[Saved entries]
(* Let $n\ge 5$ be odd and let $x,y$ be adjacent vertices of $Q_n$ with $f_n(x)+f_n(y)=\operatorname{str}_{f_n}(Q_n)$. If $x$ and $y$ both begin with the bit $1$, then $$\operatorname{str}_{f_n}(Q_n)\le \operatorname{str}_{f_{n-2}}(Q_{n-2})+3\cdot 2^{n-2}+\binom{n-3}{\lceil (n-3)/2\rceil}+\binom{n-2}{\lceil (n-2)/2\rceil}.$$
   Context: $Q_n$ is the $n$-dimensional hypercube: vertices are the $n$-bit strings, adjacent iff they differ in exactly one position. For a bijection $f:V(G)\to\{1,\dots,|V(G)|\}$, $\operatorname{str}_f(G)=\max\{f(u)+f(v):uv\in E(G)\}$. An $n$-bit string is $x_1\cdots x_n$, $x_i\in\{0,1\}$; its weight is its number of $1$s. Lexicographic order: $x<y$ if for some $k$, $x_j=y_j$ for $j<k$ and $x_k<y_k$. $S_n^i$ is the sequence of $n$-bit strings of weight $i$ in increasing lexicographic order; $R_n^i$ is the same set in decreasing lexicographic order. $S_n$ is the concatenation $(R_n^1,R_n^3,\dots,R_n^{n-1},S_n^n,S_n^{n-2},\dots,S_n^2,S_n^0)$ for even $n$ and $(R_n^1,R_n^3,\dots,R_n^{n-2},R_n^n,S_n^{n-1},\dots,S_n^2,S_n^0)$ for odd $n$; $f_n$ maps the string in position $j$ of $S_n$ to $j$. *)

From mathcomp Require Import all_boot.
Set Implicit Arguments. Unset Strict Implicit. Unset Printing Implicit Defensive.

(* n-bit strings are represented as [seq bool] of size n (x_1 is the head). *)

Fixpoint bitstrings (n : nat) : seq (seq bool) :=
  if n is n'.+1 then
    [seq false :: s | s <- bitstrings n'] ++ [seq true :: s | s <- bitstrings n']
  else [:: [::]].

Definition weight (x : seq bool) : nat := count id x.

Definition hc_adj (x y : seq bool) : bool :=
  (size x == size y) && (count id [seq p.1 != p.2 | p <- zip x y] == 1).

Fixpoint lex_lt (x y : seq bool) : bool :=
  match x, y with
  | a :: x', b :: y' => (a < b) || ((a == b) && lex_lt x' y')
  | _, _ => false
  end.

Definition lex_le (x y : seq bool) : bool := (x == y) || lex_lt x y.

Definition Sni (n i : nat) : seq (seq bool) :=
  sort lex_le [seq x <- bitstrings n | weight x == i].
Definition Rni (n i : nat) : seq (seq bool) := rev (Sni n i).

(* For even n this is (R^1,...,R^{n-1},S^n,...,S^0); for odd n it is
   (R^1,...,R^{n-2},R^n,S^{n-1},...,S^0). *)
Definition Sseq (n : nat) : seq (seq bool) :=
  flatten [seq Rni n i | i <- iota 0 n.+1 & odd i] ++
  flatten [seq Sni n i | i <- rev (iota 0 n.+1) & ~~ odd i].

*Exercise directions*: Write out each entry again, character for character.

*Response box*:
(* Let $n\ge 5$ be odd and let $x,y$ be adjacent vertices of $Q_n$ with $f_n(x)+f_n(y)=\operatorname{str}_{f_n}(Q_n)$. If $x$ and $y$ both begin with the bit $1$, then $$\operatorname{str}_{f_n}(Q_n)\le \operatorname{str}_{f_{n-2}}(Q_{n-2})+3\cdot 2^{n-2}+\binom{n-3}{\lceil (n-3)/2\rceil}+\binom{n-2}{\lceil (n-2)/2\rceil}.$$
   Context: $Q_n$ is the $n$-dimensional hypercube: vertices are the $n$-bit strings, adjacent iff they differ in exactly one position. For a bijection $f:V(G)\to\{1,\dots,|V(G)|\}$, $\operatorname{str}_f(G)=\max\{f(u)+f(v):uv\in E(G)\}$. An $n$-bit string is $x_1\cdots x_n$, $x_i\in\{0,1\}$; its weight is its number of $1$s. Lexicographic order: $x<y$ if for some $k$, $x_j=y_j$ for $j<k$ and $x_k<y_k$. $S_n^i$ is the sequence of $n$-bit strings of weight $i$ in increasing lexicographic order; $R_n^i$ is the same set in decreasing lexicographic order. $S_n$ is the concatenation $(R_n^1,R_n^3,\dots,R_n^{n-1},S_n^n,S_n^{n-2},\dots,S_n^2,S_n^0)$ for even $n$ and $(R_n^1,R_n^3,\dots,R_n^{n-2},R_n^n,S_n^{n-1},\dots,S_n^2,S_n^0)$ for odd $n$; $f_n$ maps the string in position $j$ of $S_n$ to $j$. *)

From mathcomp Require Import all_boot.
Set Implicit Arguments. Unset Strict Implicit. Unset Printing Implicit Defensive.

(* n-bit strings are represented as [seq bool] of size n (x_1 is the head). *)

Fixpoint bitstrings (n : nat) : seq (seq bool) :=
  if n is n'.+1 then
    [seq false :: s | s <- bitstrings n'] ++ [seq true :: s | s <- bitstrings n']
  else [:: [::]].

Definition weight (x : seq bool) : nat := count id x.

Definition hc_adj (x y : seq bool) : bool :=
  (size x == size y) && (count id [seq p.1 != p.2 | p <- zip x y] == 1).

Fixpoint lex_lt (x y : seq bool) : bool :=
  match x, y with
  | a :: x', b :: y' => (a < b) || ((a == b) && lex_lt x' y')
  | _, _ => false
  end.

Definition lex_le (x y : seq bool) : bool := (x == y) || lex_lt x y.

Definition Sni (n i : nat) : seq (seq bool) :=
  sort lex_le [seq x <- bitstrings n | weight x == i].
Definition Rni (n i : nat) : seq (seq bool) := rev (Sni n i).

(* For even n this is (R^1,...,R^{n-1},S^n,...,S^0); for odd n it is
   (R^1,...,R^{n-2},R^n,S^{n-1},...,S^0). *)
Definition Sseq (n : nat) : seq (seq bool) :=
  flatten [seq Rni n i | i <- iota 0 n.+1 & odd i] ++
  flatten [seq Sni n i | i <- rev (iota 0 n.+1) & ~~ odd i].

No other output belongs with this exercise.